Lemma C_neq0 n i : C n i <> 0.
Proof.
  unfold C, Rdiv. apply Rmult_integral_contrapositive_currified; [apply INR_fact_neq_0|].
  apply Rinv_neq_0_compat, Rmult_integral_contrapositive_currified; apply INR_fact_neq_0.
Qed.

Lemma test_poly_value k a b :
  esym_form (4 * k) (test_coef k) (fun _ => (a, b)) =
  ((a ^ 2) ^ 2 + (b ^ 2) ^ 2 - 3 * a ^ 2 * b ^ 2) ^ k.
Proof.
  rewrite esym_form_diag, <- (Bcoef_expansion k (a ^ 2) (b ^ 2)).
  replace (S (4 * k)) with (S (2 * (2 * k))) by lia.
  rewrite fsum_even by (intros i Hi; rewrite test_coef_odd by exact Hi; ring).
  apply fsum_ext. intros j Hj. rewrite test_coef_even, binom_C by lia.
  replace (4 * k - 2 * j)%nat with (2 * (2 * k - j))%nat by lia.
  rewrite !pow_mult. field. apply C_neq0.
Qed.

Lemma trinomial_bound X Y : 0 <= X <= 1 -> 0 <= Y <= 1 ->
  Rabs (X ^ 2 + Y ^ 2 - 3 * X * Y) <= 1.
Proof.
  intros HX HY. apply Rabs_le. split.
  - pose proof (pow2_ge_0 (X - Y)). nra.
  - assert (0 <= (1 - X) * (1 - Y)) by nra. nra.
Qed.

Lemma sq_unit_interval a : Rabs a <= 1 -> 0 <= a ^ 2 <= 1.
Proof.
  intros H. rewrite <- (pow2_abs a). pose proof (Rabs_pos a). split; nra.
Qed.

Lemma pow_le1 x n : 0 <= x <= 1 -> x ^ n <= 1.
Proof. intros H; induction n as [|n IH]; simpl; nra. Qed.

Lemma test_poly_norm k :
  is_lub (poly_norm_set linf2 (fun x => esym_form (4 * k) (test_coef k) (fun _ => x))) 1.
Proof.
  split.
  - intros r [[a b] [Hn ->]]. rewrite test_poly_value, <- RPow_abs.
    apply pow_le1. split; [apply Rabs_pos|].
    simpl in Hn. unfold linf2_norm in Hn; simpl in Hn.
    pose proof (Rmax_l (Rabs a) (Rabs b)). pose proof (Rmax_r (Rabs a) (Rabs b)).
    apply trinomial_bound; apply sq_unit_interval; lra.
  - intros B HB. apply HB. exists ((0, 1) : vcar linf2). split.
    + simpl. unfold linf2_norm; simpl. rewrite Rabs_R0, Rabs_R1, Rmax_right; lra.
    + rewrite test_poly_value. replace ((0 ^ 2) ^ 2 + (1 ^ 2) ^ 2 - 3 * 0 ^ 2 * 1 ^ 2) with 1 by ring.
      now rewrite pow1, Rabs_R1.
Qed.

Lemma abs_sum_le a b M :
  (forall s t, Rabs s <= 1 -> Rabs t <= 1 -> s * a + t * b <= M) -> Rabs a + Rabs b <= M.
Proof.
  intros H.
  assert (Hp : Rabs 1 <= 1) by (rewrite Rabs_R1; lra).
  assert (Hm : Rabs (-1) <= 1) by (rewrite Rabs_left; lra).
  unfold Rabs; destruct (Rcase_abs a), (Rcase_abs b);
    [pose proof (H _ _ Hm Hm) | pose proof (H _ _ Hm Hp)
    | pose proof (H _ _ Hp Hm) | pose proof (H _ _ Hp Hp)]; lra.
Qed.

(* The pair of unit vectors has weak [l1] norm [1]: for a functional [phi] of norm
   at most [1], [s phi(e0) + t phi(e1) = phi(s, t)] with [|(s, t)| <= 1]. *)
Lemma unit_vecs_weak_norm : is_lub (weak1_set linf2 2 unit_vec) 1.
Proof.
  split.
  - intros r [phi [[Hadd [Hsc Hb]] ->]]. simpl. rewrite Rplus_0_l.
    apply abs_sum_le. intros s t Hs Ht.
    rewrite <- (Hsc s), <- (Hsc t), <- Hadd.
    eapply Rle_trans; [apply Rle_abs|]. eapply Rle_trans; [apply Hb|].
    simpl. unfold linf2_norm; simpl. apply Rmax_lub.
    + now replace (s * 1 + t * 0) with s by ring.
    + now replace (s * 0 + t * 1) with t by ring.
  - intros B HB. apply HB. exists (fun v : vcar linf2 => fst v). split.
    + split; [|split]; [reflexivity | reflexivity |].
      intros [x y]. apply Rmax_l.
    + simpl. rewrite Rabs_R1, Rabs_R0. ring.
Qed.

Lemma fprod_one m : fprod m (fun _ => 1) = 1.
Proof. induction m as [|m IH]; simpl; [reflexivity|]. rewrite IH; ring. Qed.

Lemma rpow0 p : rpow 0 p = 0.
Proof. unfold rpow. destruct (Req_EM_T 0 0); [reflexivity | contradiction]. Qed.

Lemma test_poly_lhs k p :
  msum (4 * k) 2 (fun J => rpow (Rabs (esym_form (4 * k) (test_coef k) (fun i => unit_vec (J i)))) p) =
  fsum (S (2 * k)) (fun j =>
    C (4 * k) (2 * j) * rpow (Rabs (Bcoef k j / C (4 * k) (2 * j))) p).
Proof.
  rewrite (msum_esym_form_unit_vecs _ _ (fun v => rpow (Rabs v) p)).
  replace (S (4 * k)) with (S (2 * (2 * k))) by lia.
  rewrite fsum_even
    by (intros i Hi; rewrite test_coef_odd, Rabs_R0, rpow0 by exact Hi; ring).
  apply fsum_ext. intros j Hj. now rewrite test_coef_even, binom_C by lia.
Qed.

Theorem mainTheorem6 (k : nat) (hk : (1 <= k)%nat) (L : R)
  (HL : BH_const (4 * k) L) : lower_bound k <= L.
Proof.
  pose proof (HL linf2 _ _ (esym_form_polar (4 * k) (test_coef k)) 2%nat (fun _ => unit_vec)
                1 (fun _ => 1) (test_poly_norm k) (fun _ _ => unit_vecs_weak_norm)) as Hineq.
  cbv beta in Hineq. rewrite fprod_one, !Rmult_1_r, test_poly_lhs in Hineq.
  assert (Hkpos : 0 < INR k) by (apply lt_0_INR; lia).
  replace (2 * INR (4 * k) / (INR (4 * k) + 1)) with (8 * INR k / (4 * INR k + 1)) in Hineq
    by (rewrite mult_INR; simpl INR; field; lra).
  replace ((INR (4 * k) + 1) / (2 * INR (4 * k))) with ((4 * INR k + 1) / (8 * INR k)) in Hineq
    by (rewrite mult_INR; simpl INR; field; lra).
  exact Hineq.
Qed.
Lemma coefmxXZ l M : coefmx l ('X *: M) = if l is l'.+1 then coefmx l' M else 0.
Proof. by apply/matrixP=> i j; case: l => [|l]; rewrite !mxE coefXM. Qed.

Lemma coefmxCZ l a M : coefmx l (a%:P *: M) = a *: coefmx l M.
Proof. by apply/matrixP=> i j; rewrite !mxE coefCM. Qed.

Lemma coefmx0Z Q M : coefmx 0 (Q *: M) = Q`_0 *: coefmx 0 M.
Proof. by apply/matrixP=> i j; rewrite !mxE coefM big_ord1. Qed.

Lemma coefmx1Z Q M :
  coefmx 1 (Q *: M) = Q`_0 *: coefmx 1 M + Q`_1 *: coefmx 0 M.
Proof. by apply/matrixP=> i j; rewrite !mxE coefM big_ord_recl big_ord1. Qed.

Lemma coef_mxtrace l (M : 'M[{poly R}]_n) : (\tr M)`_l = \tr (coefmx l M).
Proof. by rewrite /mxtrace coef_sum; apply: eq_bigr => i _; rewrite mxE. Qed.

Lemma coefmxM_linear l M B0 B1 :
  coefmx l (M *m (mc B0 + 'X *: mc B1)) =
  coefmx l M *m B0 + (if l is l'.+1 then coefmx l' M *m B1 else 0).
Proof.
rewrite mulmxDr -scalemxAr coefmxD coefmxMC coefmxXZ.
by case: l => [|l] //; rewrite coefmxMC.
Qed.

Lemma coefmx0_linear_pow B0 B1 k :
  coefmx 0 ((mc B0 + 'X *: mc B1) ^+ k) = B0 ^+ k.
Proof.
elim: k => [|k IHk]; first by rewrite !expr0 coefmx1.
by rewrite !exprSr -!mulmxE coefmxM_linear IHk addr0.
Qed.

(* The extra factor X keeps the induction going; the theorem uses X = 1. *)
Lemma mxtrace_coefmx1_linear_pow B0 B1 k X : GRing.comm X B0 ->
  \tr (coefmx 1 ((mc B0 + 'X *: mc B1) ^+ k) *m X)
  = k%:R * \tr (B1 *m B0 ^+ k.-1 *m X).
Proof.
elim: k X => [|k IHk] X XB0; first by rewrite expr0 coefmx1 mul0mx mul0r mxtrace0.
rewrite exprSr -mulmxE coefmxM_linear coefmx0_linear_pow mulmxDl mxtraceD.
rewrite -mulmxA IHk; last first.
  by apply/commr_sym/commrM; [exact: commr_refl | exact/commr_sym].
have -> : \tr (B0 ^+ k *m B1 *m X) = \tr (B1 *m B0 ^+ k *m X).
  by rewrite -mulmxA mxtrace_mulC -!mulmxA mulmxE (commrX k XB0).
case: k {IHk} => [|k]; first by rewrite mul0r add0r expr0 mul1r.
rewrite /= mulmxA -(mulmxA B1) -[B0 ^+ k *m B0]/(B0 ^+ k * B0) -exprSr.
by rewrite -[in RHS](addn1 k.+1) natrD mulrDl mul1r.
Qed.

End CoefMx.

Section XiSquare.
Variables (R : comNzRingType) (n : nat) (S T A : 'M[R]_n) (g : R).
Local Notation mc B := (map_mx (@polyC R) B).

(* xi(z)^2 is this polynomial evaluated at Lambda(z) *)
Definition xi2_poly : {poly R} := 'X * 'X + g%:P * 'X + 1.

****************

■ **Exercise details**
Each line of the data that holds "elim" should be copied.

■ **Response**
elim: k => [|k IHk]; first by rewrite !expr0 coefmx1.
elim: k X => [|k IHk] X XB0; first by rewrite expr0 coefmx1 mul0mx mul0r mxtrace0.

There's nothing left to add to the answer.